» **Exercise instructions**:
Beginning with the first line of the data below, reproduce every line unchanged, ending with the line that holds "by move=> [b".

» **The data**:
Lemma hahn_banach_graph_extend : (forall r, ~ M (a, r)) ->
  exists2 M', hahn_banach_graph M' & M `<` M'.
Proof.
move=> Mna; have [fM lM dM] := hbM; have [c [c_ge c_le]] := extension_constant.
have M00 : M (0, 0) by have [[b0 r0]] := M0; exact: linear_graph0.
pose M' := [set q | exists b r t, M (b, r) /\ q = (b + rc t *: a, r + t * c)].
have MM' : M `<=` M'.
  by move=> [b r] Mbr; exists b, r, 0; rewrite mul0r rmorph0 scale0r !addr0.
exists M'; last first.
  split => // /(_ (a, c)) M'M; apply: (Mna c); apply: M'M.
  by exists 0, 0, 1; split => //; rewrite rmorph1 scale1r mul1r !add0r.
split.
- move=> _ _ _ [b1 [r1 [t1 [Mbr1 [-> ->]]]]] [b2 [r2 [t2 [Mbr2 [e ->]]]]].
  have [t12|t12] := eqVneq t1 t2.
    by move: e; rewrite t12 => /addIr eb; rewrite eb in Mbr1; rewrite (fM _ _ _ Mbr1 Mbr2).
  exfalso; apply: (Mna ((t1 - t2)^-1 * (r2 - r1))).
  have Mb : M (b2 - b1, r2 - r1).
    by have := lM (-1) _ _ _ _ Mbr1 Mbr2; rewrite rmorphN1 scaleN1r mulN1r !(addrC (- _)).
  have ab : b2 - b1 = rc (t1 - t2) *: a.
    have -> : b2 = b1 + rc t1 *: a - rc t2 *: a by rewrite e addrK.
    by rewrite rmorphB scalerBl addrAC [b1 + _]addrC addrK.
  have := linear_graphZ (t1 - t2)^-1 lM Mb.
  by rewrite ab scalerA -rmorphM mulVf ?subr_eq0 // scale1r.
- move=> t _ _ _ _ [b1 [r1 [t1 [Mbr1 [-> ->]]]]] [b2 [r2 [t2 [Mbr2 [-> ->]]]]].
  exists (rc t *: b1 + b2), (t * r1 + r2), (t * t1 + t2); split; first exact: lM.
  congr (_, _); last by ring.
  by rewrite scalerDr scalerA -rmorphM addrACA -scalerDl -rmorphD.
- by move=> _ _ [b [r [t [Mbr [-> ->]]]]]; exact: extension_dominated.
Qed.

End Extension.

Theorem real_hahn_banach G0 : hahn_banach_graph G0 -> G0 !=set0 ->
  exists g : A -> R,
    [/\ real_linear g, forall a, g a <= p a & forall a r, G0 (a, r) -> g a = r].
Proof.
move=> hbG0 [q0 G0q0].
(* The guard [M !=set0] lets the union of the empty chain qualify. *)
pose P M := hahn_banach_graph M /\ (M !=set0 -> G0 `<=` M).
have [M [[hbM G0M] maxM]] : exists M, P M /\ forall B, M `<` B -> ~ P B.
  apply: Zorn_bigcup => F FP Ftot; split.
    by apply: hahn_banach_graph_bigcup => // X /FP[].
  by move=> [q [X FX Xq]]; apply: subset_trans (bigcup_sup FX); apply: (FP X FX).2; exists q.
have M0 : M !=set0.
  apply/set0P/negP => /eqP M_eq0; apply: (maxM G0); last by split => // _.
  by rewrite M_eq0; split => // /(_ _ G0q0).
have {}G0M := G0M M0.
have /(_ _)/cid total a : exists r, M (a, r).
  apply: contrapT => Mna.
  have [M' hbM' MM'] := hahn_banach_graph_extend hbM M0 (fun r Mar => Mna (ex_intro _ r Mar)).
  by apply: (maxM M' MM'); split => // _; apply: subset_trans G0M MM'.1.
have [fM lM dM] := hbM.
pose g a := sval (total a); have Mg a : M (a, g a) := svalP (total a).
exists g; split.
- by move=> t a b; apply: fM (Mg _) (lM _ _ _ _ _ (Mg a) (Mg b)).
- by move=> a; exact: dM (Mg a).
- by move=> a r G0ar; apply: fM (Mg a) (G0M _ G0ar).
Qed.

End RealHahnBanach.

Section Complexification.
Variables (R : realType) (A : lmodType R[i]).
Local Notation rc := (real_complex R).
Implicit Types (u v : A) (t : R) (k : R[i]).

Definition complex_linear (f : A -> R[i]) := forall k u v, f (k *: u + v) = k * f u + f v.

Definition complexify (g : A -> R) u : R[i] := rc (g u) - 'i%C * rc (g ('i%C *: u)).

Lemma Re_complexify g u : complex.Re (complexify g u) = g u.
Proof. by rewrite /= !mul0r !mul1r subrr subr0. Qed.

Lemma complex_linear0 f : complex_linear f -> f 0 = 0.
Proof. by move=> lf; have := lf (-1) 0 0; rewrite scaler0 addr0 mulN1r addNr. Qed.

Lemma complex_linearZ f k u : complex_linear f -> f (k *: u) = k * f u.
Proof. by move=> lf; have := lf k u 0; rewrite !addr0 complex_linear0 ?addr0. Qed.

Lemma complex_linearB f u v : complex_linear f -> f (u - v) = f u - f v.
Proof. by move=> lf; rewrite addrC -scaleN1r lf mulN1r addrC. Qed.

Section RealLinear.
Variables (g : A -> R) (lg : real_linear g).

Lemma real_linearD u v : g (u + v) = g u + g v.
Proof. by have := lg 1 u v; rewrite rmorph1 scale1r mul1r. Qed.

Lemma real_linearZ t u : g (rc t *: u) = t * g u.
Proof.
have g0 : g 0 = 0 by have := lg (-1) 0 0; rewrite scaler0 addr0 mulN1r addNr.
by have := lg t u 0; rewrite !addr0 g0 addr0.
Qed.

Lemma complexify_linear : complex_linear (complexify g).
Proof.
have cD u v : complexify g (u + v) = complexify g u + complexify g v.
  by rewrite /complexify scalerDr !real_linearD !rmorphD; ring.
have cZ t u : complexify g (rc t *: u) = rc t * complexify g u.
  by rewrite /complexify scalerA [_ * rc t]mulrC -scalerA !real_linearZ !rmorphM; ring.
have ci u : complexify g ('i%C *: u) = 'i%C * complexify g u.
  have iiu : 'i%C *: ('i%C *: u) = rc (-1) *: u by rewrite scalerA -expr2 sqr_i rmorphN1.
  by rewrite /complexify iiu real_linearZ mulN1r rmorphN mulrBr mulrA -expr2 sqr_i; ring.
move=> k u v; rewrite cD; congr (_ + _).
rewrite [k]complexE scalerDl -scalerA cD cZ ci cZ; ring.
Qed.

End RealLinear.
End Complexification.

Section SeparatingFunctional.
Variables (R : realType) (A : normedModType R[i]).
Local Notation rc := (real_complex R).
Implicit Types (a b : A) (t : R) (c k : R[i]).

Lemma real_ge0_Re k : 0 <= k -> rc (complex.Re k) = k.
Proof. by move=> /ger0_real /RRe_real. Qed.

Lemma ReD k k' : complex.Re (k + k') = complex.Re k + complex.Re k'.
Proof. by case: k; case: k'. Qed.

Lemma Re_le k k' : k <= k' -> complex.Re k <= complex.Re k'.
Proof. by rewrite lecE => /andP[]. Qed.

Definition scaled_norm c a : R := complex.Re (c * `|a|).

Lemma scaled_normD c a b : 0 <= c ->
  scaled_norm c (a + b) <= scaled_norm c a + scaled_norm c b.
Proof.
by move=> c0; rewrite /scaled_norm -ReD; apply: Re_le; rewrite -mulrDr ler_wpM2l // ler_normD.
Qed.

Lemma scaled_normZ c t a : 0 < t -> scaled_norm c (rc t *: a) = t * scaled_norm c a.
Proof.
move=> t0; rewrite /scaled_norm normrZ gtr0_norm ?ltcR // mulrCA.
by case: (c * `|a|) => ? ? /=; rewrite mul0r subr0.
Qed.

Lemma complexify_norm (g : A -> R) c : real_linear g -> 0 <= c ->
  (forall a, g a <= scaled_norm c a) -> forall a, `|complexify g a| <= c * `|a|.
Proof.
move=> lg c0 gc a; set z := complexify g a.
have [->|z0] := eqVneq z 0; first by rewrite normr0 mulr_ge0.
pose u := `|z| / z.
have gua : rc (g (u *: a)) = `|z|.
  by rewrite -Re_complexify (complex_linearZ _ _ (complexify_linear lg)) divfK.
have normu : `|u| = 1 by rewrite normrM normfV normr_id mulfV // normr_eq0.
rewrite -gua -(real_ge0_Re (mulr_ge0 c0 (normr_ge0 a))) lecR.
by apply: le_trans (gc _) _; rewrite /scaled_norm normrZ normu mul1r.
Qed.

Section Separation.
Variables (V : set A) (x : A) (e : R[i]).
Hypotheses (e0 : 0 < e) (V0 : V 0) (VZD : forall k a b, V a -> V b -> V (k *: a + b)).
Hypothesis x_far : forall v, V v -> e <= `|x - v|.

Definition span_graph : set (A * R) :=
  [set q | exists v k, V v /\ q = (v + k *: x, complex.Re k)].

Lemma span_graph_hahn_banach : hahn_banach_graph (scaled_norm e^-1) span_graph.
Proof.
have VZ k a : V a -> V (k *: a) by move=> Va; rewrite -[_ *: _]addr0; exact: VZD.
split.
- move=> _ r s [v1 [k1 [V1 [-> ->]]]] [v2 [k2 [V2 [e12 ->]]]].
  have [->//|k12] := eqVneq k1 k2; exfalso.
  have Vx : V x.
    have dv : v2 - v1 = (k1 - k2) *: x.
      have -> : v2 = v1 + k1 *: x - k2 *: x by rewrite e12 addrK.
      by rewrite scalerBl addrAC [v1 + _]addrC addrK.
    have -> : x = (k1 - k2)^-1 *: (v2 - v1) by rewrite dv scalerA mulVf ?subr_eq0 ?scale1r.
    by apply: VZ; rewrite addrC -scaleN1r; exact: VZD.
  by have := x_far Vx; rewrite subrr normr0 => /(lt_le_trans e0); rewrite ltxx.
- move=> t _ _ _ _ [v1 [k1 [V1 [-> ->]]]] [v2 [k2 [V2 [-> ->]]]].
  exists (rc t *: v1 + v2), (rc t * k1 + k2); split; first exact: VZD.
  congr (_, _); first by rewrite scalerDr scalerA scalerDl addrACA.
  by case: k1 k2 => ? ? [? ?] /=; rewrite mul0r subr0.
- move=> _ _ [v [k [Vv [-> ->]]]].
  have ge0 : 0 <= e^-1 * `|v + k *: x| by rewrite mulr_ge0 ?invr_ge0 ?normr_ge0 ?(ltW e0).
  apply: le_trans (ler_norm _) _; rewrite -lecR real_ge0_Re //.
  apply: le_trans (normc_ge_Re k) _; rewrite -(ler_pM2l e0) mulrA mulfV ?gt_eqF // mul1r.
  have [->|k0] := eqVneq k 0; first by rewrite normr0 mulr0 normr_ge0.
  have -> : v + k *: x = k *: (x - (- k^-1) *: v).
    by rewrite scalerBr scalerA mulrN mulfV // scaleN1r opprK addrC.
  by rewrite normrZ mulrC ler_pM2l ?normr_gt0 //; apply: x_far; exact: VZ.
Qed.

Theorem separating_functional : exists f : A -> R[i], [/\ complex_linear f, f x = 1,
  forall a, `|f a| <= e^-1 * `|a| & forall v, V v -> f v = 0].
Proof.
have ie0 : 0 <= e^-1 by rewrite invr_ge0 ltW.
have G0 : span_graph (0, 0) by exists 0, 0; rewrite scale0r addr0.
have [g [lg gp gG]] := real_hahn_banach (fun a b => scaled_normD a b ie0)
  (@scaled_normZ e^-1) span_graph_hahn_banach (ex_intro _ _ G0).
have gspan v k : V v -> g (v + k *: x) = complex.Re k by move=> Vv; apply: gG; exists v, k.
have gV v : V v -> g v = 0 by move=> Vv; have := gspan v 0 Vv; rewrite scale0r addr0.
exists (complexify g); split.
- exact: complexify_linear.
- have gx : g x = 1 by have := gspan 0 1 V0; rewrite scale1r add0r.
  have gix : g ('i%C *: x) = 0 by have := gspan 0 'i%C V0; rewrite add0r.
  by rewrite /complexify gx gix mulr0 subr0.
- exact: complexify_norm lg ie0 gp.
- move=> v Vv; rewrite /complexify gV // gV ?mulr0 ?subr0 //.
  by rewrite -[_ *: v]addr0; exact: VZD.
Qed.

End Separation.
End SeparatingFunctional.

Lemma open_norm_gt (K : numFieldType) (V : normedModType K) (r : K) :
  open [set z : V | r < `|z|].
Proof.
rewrite openE => z /= rz; apply/nbhs_ballP; exists (`|z| - r); first by rewrite /= subr_gt0.
move=> w; rewrite -ball_normE /ball_ /= ltrBrDl => lt.
have := ler_normD (z - w) w; rewrite subrK => h.
by rewrite -(ltrD2l `|z - w|) addrC; exact: lt_le_trans lt h.
Qed.

Lemma compact_cvg_range (T : ptopologicalType) (x : nat -> T) (l : T) :
  x @ \oo --> l -> compact (l |` range x).
Proof.
move=> xl; rewrite compact_cover => I D f fop cov.
have [i0 Di0 fi0l] := cov l (or_introl erefl).
have [N _ xN] : \forall n \near \oo, f i0 (x n).
  by apply: xl; apply: open_nbhs_nbhs; split => //; exact: fop.
have [D1 D1D hcov] : finite_subset_cover D f [set x k | k in `I_N].
  have := finite_compact (finite_image x (finite_II N)); rewrite compact_cover; apply => //.
  by move=> _ [k _ <-]; apply: cov; right; exists k.
exists (i0 |` D1)%fset.
  by move=> i; rewrite !inE => /orP[/eqP->|/D1D//]; exact/mem_set.
move=> _ [->|[k _ <-]]; first by exists i0 => //=; rewrite !inE eqxx.
have [kN|Nk] := ltnP k N; last by exists i0 => //=; [rewrite !inE eqxx | exact: xN].
have [i D1i fik] := hcov (x k) (ex_intro2 _ _ k kN erefl).
by exists i => //=; rewrite !inE D1i orbT.
Qed.

Section ComplexNumbers.
Variable R : realType.

Lemma normc_lt_nat (z : R[i]) : exists m : nat, `|z| < m%:R.
Proof.
rewrite normc_def; set r := Num.sqrt _.
exists (Num.bound r); rewrite -(rmorph_nat (real_complex R)) ltcR.
by apply: archi_boundP; rewrite sqrtr_ge0.
Qed.

Lemma cvg0_harmonic_bound (V : normedModType R[i]) (x : nat -> V) :
  (forall n, `|x n| <= n.+1%:R^-1) -> x @ \oo --> 0.
Proof.
move=> hx; apply/cvgrPdist_lt => e e0; have [m hm] := normc_lt_nat e^-1.
exists m => // n /= mn; rewrite sub0r normrN; apply: le_lt_trans (hx n) _.
rewrite -[e]invrK ltf_pV2 ?posrE ?invr_gt0 ?ltr0n //.
move: hm; rewrite gtr0_norm ?invr_gt0 // => /lt_le_trans; apply.
by rewrite ler_nat; exact: leqW.
Qed.

Lemma continuous_Complex : continuous (fun p : R * R => (Complex p.1 p.2 : (R[i])^o)).
Proof.
move=> p; apply/cvgrPdist_lt => e e0.
have : (0 : R[i]) < e := e0.
rewrite ltcE /= => /andP [/eqP Ie e0'].
have eE : e = (complex.Re e)%:C%C by case: e Ie {e0 e0'} => a b /= ->.
apply/(@nbhs_ballP R (R * R)%type); exists (complex.Re e / 2); first by rewrite /= divr_gt0.
case=> q1 q2 [/= b1 b2]; move: b1 b2; rewrite -!ball_normE /ball_ /= => b1 b2.
rewrite normc_def /= eE ltcR.
set a := p.1 - q1 in b1 *; set b := p.2 - q2 in b2 *.
have h : a ^+ 2 + b ^+ 2 <= (`|a| + `|b|) ^+ 2.
  rewrite -[a ^+ 2]real_normK ?num_real // -[b ^+ 2]real_normK ?num_real //.
  have := normr_ge0 a; have := normr_ge0 b; nra.
rewrite -(@ltr_pXn2r _ 2) // ?sqrtr_ge0 ?sqr_sqrtr ?addr_ge0 ?sqr_ge0 ?nnegrE ?sqrtr_ge0 ?(ltW e0') //.
apply: (le_lt_trans h); rewrite ltr_pXn2r ?nnegrE ?addr_ge0 ?normr_ge0 ?(ltW e0') //.
have := normr_ge0 a; have := normr_ge0 b; lra.
Qed.

Lemma compact_disc (s : R) : exists2 B : set (R[i])^o, compact B &
  forall z : (R[i])^o, `|z| <= s%:C%C -> B z.
Proof.
exists ((fun p : R * R => (Complex p.1 p.2 : (R[i])^o)) @` (`[-s, s] `*` `[-s, s])).
  apply: continuous_compact; first exact: continuous_subspaceT continuous_Complex.
  by apply: compact_setX; exact: segment_compact.
case=> a b; rewrite normc_def lecR /= => h.
have ha : `|a| <= s.
  by apply: le_trans h; rewrite -sqrtr_sqr; apply: ler_wsqrtr; rewrite lerDl sqr_ge0.
have hb : `|b| <= s.
  by apply: le_trans h; rewrite -sqrtr_sqr; apply: ler_wsqrtr; rewrite lerDr sqr_ge0.
by exists (a, b) => //; split; rewrite /= in_itv /= -ler_norml.
Qed.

» **Problem solution**:
Lemma hahn_banach_graph_extend : (forall r, ~ M (a, r)) ->
  exists2 M', hahn_banach_graph M' & M `<` M'.
Proof.
move=> Mna; have [fM lM dM] := hbM; have [c [c_ge c_le]] := extension_constant.
have M00 : M (0, 0) by have [[b0 r0]] := M0; exact: linear_graph0.
pose M' := [set q | exists b r t, M (b, r) /\ q = (b + rc t *: a, r + t * c)].
have MM' : M `<=` M'.
  by move=> [b r] Mbr; exists b, r, 0; rewrite mul0r rmorph0 scale0r !addr0.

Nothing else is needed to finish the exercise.